▶ _Work required_
In the listing that follows, locate the line containing "pd 2 n x)%C" and the line containing "ex_derive (fun s => Re (f s))". Retype exactly those two lines and every line between them, and nothing more.

▶ _Data in this exercise_
Definition csqrt (z : C) : C :=
  (sqrt ((Cmod z + Re z) / 2),
   (if Rlt_dec (Im z) 0 then -1 else 1) * sqrt ((Cmod z - Re z) / 2)).

Definition in_supp (g : R3 -> C) (p : R3) : Prop :=
  forall eps, 0 < eps -> exists q, dist3 p q < eps /\ g q <> 0%C.

Definition C1alpha (a : R) (f : R3 -> C) : Prop :=
  (forall p, continuous f p) /\
  (forall i p, (i < 3)%nat -> ex_pd i f p) /\
  (forall i p, (i < 3)%nat -> continuous (pd i f) p) /\
  (forall i, (i < 3)%nat -> exists K, forall p q, p <> q ->
      Cmod (pd i f p - pd i f q) <= K * Rpower (dist3 p q) a).

Definition in_D (a0 b : R) (n : R3 -> C) : Prop :=
  C1alpha a0 n /\
  (forall p, in_supp (fun q => 1 - n q)%C p -> in_ball PI p) /\
  (forall p, b <= Re (n p)) /\
  (forall p, 0 <= Im (n p)).

Definition int_cube (h : R3 -> R) : R :=
  RInt (fun x => RInt (fun y => RInt (fun z => h (x, y, z)) (- PI) PI)
                      (- PI) PI) (- PI) PI.

Definition zpt (g : Z * Z * Z) : R3 :=
  match g with (a, b, c) => (IZR a, IZR b, IZR c) end.

Definition fourier (f : R3 -> C) (g : Z * Z * Z) : C :=
  let k := / Rpower (2 * PI) (3 / 2) in
  let e := fun x : R3 => (cos (dot3 (zpt g) x), - sin (dot3 (zpt g) x))%R in
  (k * int_cube (fun x => Re (f x * e x)%C),
   k * int_cube (fun x => Im (f x * e x)%C)).

(* ||f||_{H^m}^2 = sum_{g in Z^3} (1+|g|^2)^m |fhat g|^2  (nonnegative
   terms: supremum of the partial sums over the boxes [-N,N]^3) *)
Definition Hm_term (m : R) (f : R3 -> C) (g : Z * Z * Z) : R :=
  Rpower (1 + dot3 (zpt g) (zpt g)) m * (Cmod (fourier f g)) ^ 2.

Definition box_sum (m : R) (f : R3 -> C) (N : nat) : R :=
  sum_f_R0 (fun a => sum_f_R0 (fun b => sum_f_R0 (fun c =>
     Hm_term m f ((Z.of_nat a - Z.of_nat N)%Z,
                  (Z.of_nat b - Z.of_nat N)%Z,
                  (Z.of_nat c - Z.of_nat N)%Z)) (2 * N)) (2 * N)) (2 * N).

Definition Hm_norm_sq (m : R) (f : R3 -> C) : Rbar :=
  Lub_Rbar (fun s => exists N, s = box_sum m f N).

Definition Hm_norm (m : R) (f : R3 -> C) : Rbar :=
  match Hm_norm_sq m f with
  | Finite r => Finite (sqrt r)
  | p_infty => p_infty
  | m_infty => m_infty
  end.

(* L is an admissible embedding constant:
   L ||f||_{H^m} >= max_{|alpha|<=2} sup_{C(pi)} |d^alpha f|
   for all f in H^m(C(pi)) (taken as continuous representatives; the
   derivatives up to order 2 are asserted to exist classically). *)
Definition embedding_const (m L : R) : Prop :=
  forall f : R3 -> C,
    (forall p, continuous f p) ->
    is_finite (Hm_norm m f) ->
    forall p, in_cube p ->
      Cmod (f p) <= L * real (Hm_norm m f) /\
      forall i, (i < 3)%nat ->
        ex_pd i f p /\ Cmod (pd i f p) <= L * real (Hm_norm m f) /\
        forall j, (j < 3)%nat ->
          ex_pd j (pd i f) p /\ Cmod (pd j (pd i f) p) <= L * real (Hm_norm m f).

(* 6x6 complex matrices / vectors indexed by nat (indices 0..5) *)
Definition cmat := nat -> nat -> C.
Definition cvec := nat -> C.

Definition csum6 (h : nat -> C) : C :=
  (h 0%nat + h 1%nat + h 2%nat + h 3%nat + h 4%nat + h 5%nat)%C.

Definition mxapply (A : cmat) (v : cvec) : cvec := fun i => csum6 (fun j => (A i j * v j)%C).

Definition vnorm (v : cvec) : R := sqrt (sum_f_R0 (fun i => (Cmod (v i)) ^ 2) 5).

Definition spec_norm (A : cmat) : Rbar :=
  Lub_Rbar (fun r => exists v : cvec, vnorm v = 1 /\ r = vnorm (mxapply A v)).

Definition kron (i j : nat) : C := if Nat.eqb i j then 1%C else 0%C.

(* (grad n x) as a 3x3 matrix, indices 0..2 *)
Definition crossmx (n : R3 -> C) (x : R3) (i j : nat) : C :=
  match i, j with
  | 0%nat, 1%nat => (- pd 2 n x)%C
  | 0%nat, 2%nat => pd 1 n x
  | 1%nat, 0%nat => pd 2 n x
  | 1%nat, 2%nat => (- pd 0 n x)%C
  | 2%nat, 0%nat => (- pd 1 n x)%C
  | 2%nat, 1%nat => pd 0 n x
  | _, _ => 0%C
  end.

Definition jac_gradn_over_n (n : R3 -> C) (x : R3) (i j : nat) : C :=
  pd j (fun p => (pd i n p / n p)%C) x.

Definition lap_sqrtn (n : R3 -> C) (x : R3) : C :=
  let s := fun p => csqrt (n p) in
  (pd 0 (pd 0 s) x + pd 1 (pd 1 s) x + pd 2 (pd 2 s) x)%C.

Definition Qmat (kappa : R) (n : R3 -> C) (x : R3) : cmat :=
  fun a b =>
    let diag := ((RtoC (kappa ^ 2)) * (1 - n x) * kron a b)%C in
    let coef := ((0, kappa) / csqrt (n x))%C in
    if Nat.ltb a 3 then
      if Nat.ltb b 3 then
        (diag - jac_gradn_over_n n x a b
              + (/ csqrt (n x)) * lap_sqrtn n x * kron a b)%C
      else (coef * (- crossmx n x a (b - 3)))%C
    else
      if Nat.ltb b 3 then (coef * crossmx n x (a - 3) b)%C
      else diag.

From Stdlib Require Import Reals Lra Lia Classical.
From Coquelicot Require Import Coquelicot.
Open Scope R_scope.

(* Every derivative of n up to order two at x is at most M = L_m ||n||_{H^m}, and
   |n| >= Re n >= b, so each entry of Q is bounded by a polynomial in kappa^2, M
   and M/b.  Since n = 1 at a point of C(pi) outside B(pi), b <= 1 <= M, so all
   these bounds are absorbed into (M/b)^2.  Summing the squared entries block by
   block bounds the Frobenius norm, which dominates the spectral norm. *)

Definition is_cderive (f : R -> C) (t : R) (d : C) : Prop :=
  is_derive (fun s => Re (f s)) t (Re d) /\ is_derive (fun s => Im (f s)) t (Im d).

Definition ex_cderive (f : R -> C) (t : R) : Prop :=
  ex_derive (fun s => Re (f s)) t /\ ex_derive (fun s => Im (f s)) t.

Lemma ex_cderive_is_cderive (f : R -> C) t : ex_cderive f t -> exists d, is_cderive f t d.
Proof.
  intros [H1 H2].
  exists (Derive (fun s => Re (f s)) t, Derive (fun s => Im (f s)) t).
  split; apply Derive_correct; assumption.
Qed.

Lemma is_cderive_ex_cderive (f : R -> C) t d : is_cderive f t d -> ex_cderive f t.
Proof. intros [H1 H2]; split; eexists; eassumption. Qed.

Lemma is_cderive_unique (f : R -> C) t d1 d2 :
  is_cderive f t d1 -> is_cderive f t d2 -> d1 = d2.
Proof.
  intros [H1 H2] [H3 H4].
  apply is_derive_unique in H1, H2, H3, H4.
  destruct d1, d2; unfold Re, Im in *; simpl in *; congruence.
Qed.

Lemma is_cderive_ext (f g : R -> C) t d :
  (forall s, f s = g s) -> is_cderive f t d -> is_cderive g t d.
Proof.
  intros E [H1 H2]; split; eapply is_derive_ext; try eassumption;
    intros s; simpl; rewrite E; reflexivity.
Qed.

Lemma is_cderive_const (c : C) t : is_cderive (fun _ => c) t 0%C.
Proof. split; [exact (is_derive_const (Re c) t) | exact (is_derive_const (Im c) t)]. Qed.

Lemma is_cderive_mult (f g : R -> C) t df dg :
  is_cderive f t df -> is_cderive g t dg ->
  is_cderive (fun s => f s * g s)%C t (df * g t + f t * dg)%C.
Proof.
  intros [F1 F2] [G1 G2]; unfold is_cderive, Re, Im in *; split.
  - apply is_derive_ext with (f := fun s => fst (f s) * fst (g s) - snd (f s) * snd (g s)).
    { intros s; destruct (f s), (g s); reflexivity. }
    replace (fst (df * g t + f t * dg)%C) with
      ((fst df * fst (g t) + fst (f t) * fst dg) - (snd df * snd (g t) + snd (f t) * snd dg))
      by (destruct df, dg, (f t), (g t); simpl; ring).
    apply (is_derive_minus (fun s => fst (f s) * fst (g s)) (fun s => snd (f s) * snd (g s)));
      apply (is_derive_mult (fun s => _ (f s)) (fun s => _ (g s))); auto using Rmult_comm.
  - apply is_derive_ext with (f := fun s => fst (f s) * snd (g s) + snd (f s) * fst (g s)).
    { intros s; destruct (f s), (g s); reflexivity. }
    replace (snd (df * g t + f t * dg)%C) with
      ((fst df * snd (g t) + fst (f t) * snd dg) + (snd df * fst (g t) + snd (f t) * fst dg))
      by (destruct df, dg, (f t), (g t); simpl; ring).
    apply (is_derive_plus (fun s => fst (f s) * snd (g s)) (fun s => snd (f s) * fst (g s)));
      apply (is_derive_mult (fun s => _ (f s)) (fun s => _ (g s))); auto using Rmult_comm.
Qed.

Lemma is_cderive_inv (f : R -> C) t df :
  (forall s, f s <> 0%C) -> is_cderive f t df ->
  is_cderive (fun s => / f s)%C t (- df / (f t * f t))%C.
Proof.
  intros Hnz Hf.
  destruct (is_cderive_ex_cderive _ _ _ Hf) as [ERe EIm].
  assert (Hden : forall s, 0 < Re (f s) ^ 2 + Im (f s) ^ 2).
  { intros s. rewrite <- Cmod2_alt. apply pow_lt, Cmod_gt_0, Hnz. }
  assert (Eden : ex_derive (fun s => Re (f s) ^ 2 + Im (f s) ^ 2) t).
  { apply (ex_derive_plus (fun s => Re (f s) ^ 2) (fun s => Im (f s) ^ 2));
      apply ex_derive_pow; assumption. }
  destruct (ex_cderive_is_cderive (fun s => / f s)%C t) as [d Hd].
  { split.
    - apply (ex_derive_div (fun s => Re (f s))); auto. apply Rgt_not_eq, Hden.
    - apply (ex_derive_div (fun s => - Im (f s))); auto.
      + apply (ex_derive_opp (fun s => Im (f s))); assumption.
      + apply Rgt_not_eq, Hden. }
  (* Having shown that the derivative exists, read it off by differentiating [/ f * f = 1]. *)
  assert (Hone : is_cderive (fun s => / f s * f s)%C t 0%C).
  { apply is_cderive_ext with (fun _ => 1%C); [|apply is_cderive_const].
    intros s; field; apply Hnz. }
  pose proof (is_cderive_unique _ _ _ _ (is_cderive_mult _ _ _ _ _ Hd Hf) Hone) as E.
  replace (- df / (f t * f t))%C with d; [assumption|].
  assert (Ht := Hnz t).
  transitivity ((d * f t + / f t * df - / f t * df) / f t)%C; [field; assumption|].
  rewrite E. field. assumption.
Qed.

▶ _Your solution_
  | 0%nat, 1%nat => (- pd 2 n x)%C
  | 0%nat, 2%nat => pd 1 n x
  | 1%nat, 0%nat => pd 2 n x
  | 1%nat, 2%nat => (- pd 0 n x)%C
  | 2%nat, 0%nat => (- pd 1 n x)%C
  | 2%nat, 1%nat => pd 0 n x
  | _, _ => 0%C
  end.

Definition jac_gradn_over_n (n : R3 -> C) (x : R3) (i j : nat) : C :=
  pd j (fun p => (pd i n p / n p)%C) x.

Definition lap_sqrtn (n : R3 -> C) (x : R3) : C :=
  let s := fun p => csqrt (n p) in
  (pd 0 (pd 0 s) x + pd 1 (pd 1 s) x + pd 2 (pd 2 s) x)%C.

Definition Qmat (kappa : R) (n : R3 -> C) (x : R3) : cmat :=
  fun a b =>
    let diag := ((RtoC (kappa ^ 2)) * (1 - n x) * kron a b)%C in
    let coef := ((0, kappa) / csqrt (n x))%C in
    if Nat.ltb a 3 then
      if Nat.ltb b 3 then
        (diag - jac_gradn_over_n n x a b
              + (/ csqrt (n x)) * lap_sqrtn n x * kron a b)%C
      else (coef * (- crossmx n x a (b - 3)))%C
    else
      if Nat.ltb b 3 then (coef * crossmx n x (a - 3) b)%C
      else diag.

From Stdlib Require Import Reals Lra Lia Classical.
From Coquelicot Require Import Coquelicot.
Open Scope R_scope.

(* Every derivative of n up to order two at x is at most M = L_m ||n||_{H^m}, and
   |n| >= Re n >= b, so each entry of Q is bounded by a polynomial in kappa^2, M
   and M/b.  Since n = 1 at a point of C(pi) outside B(pi), b <= 1 <= M, so all
   these bounds are absorbed into (M/b)^2.  Summing the squared entries block by
   block bounds the Frobenius norm, which dominates the spectral norm. *)

Definition is_cderive (f : R -> C) (t : R) (d : C) : Prop :=
  is_derive (fun s => Re (f s)) t (Re d) /\ is_derive (fun s => Im (f s)) t (Im d).

Definition ex_cderive (f : R -> C) (t : R) : Prop :=
  ex_derive (fun s => Re (f s)) t /\ ex_derive (fun s => Im (f s)) t.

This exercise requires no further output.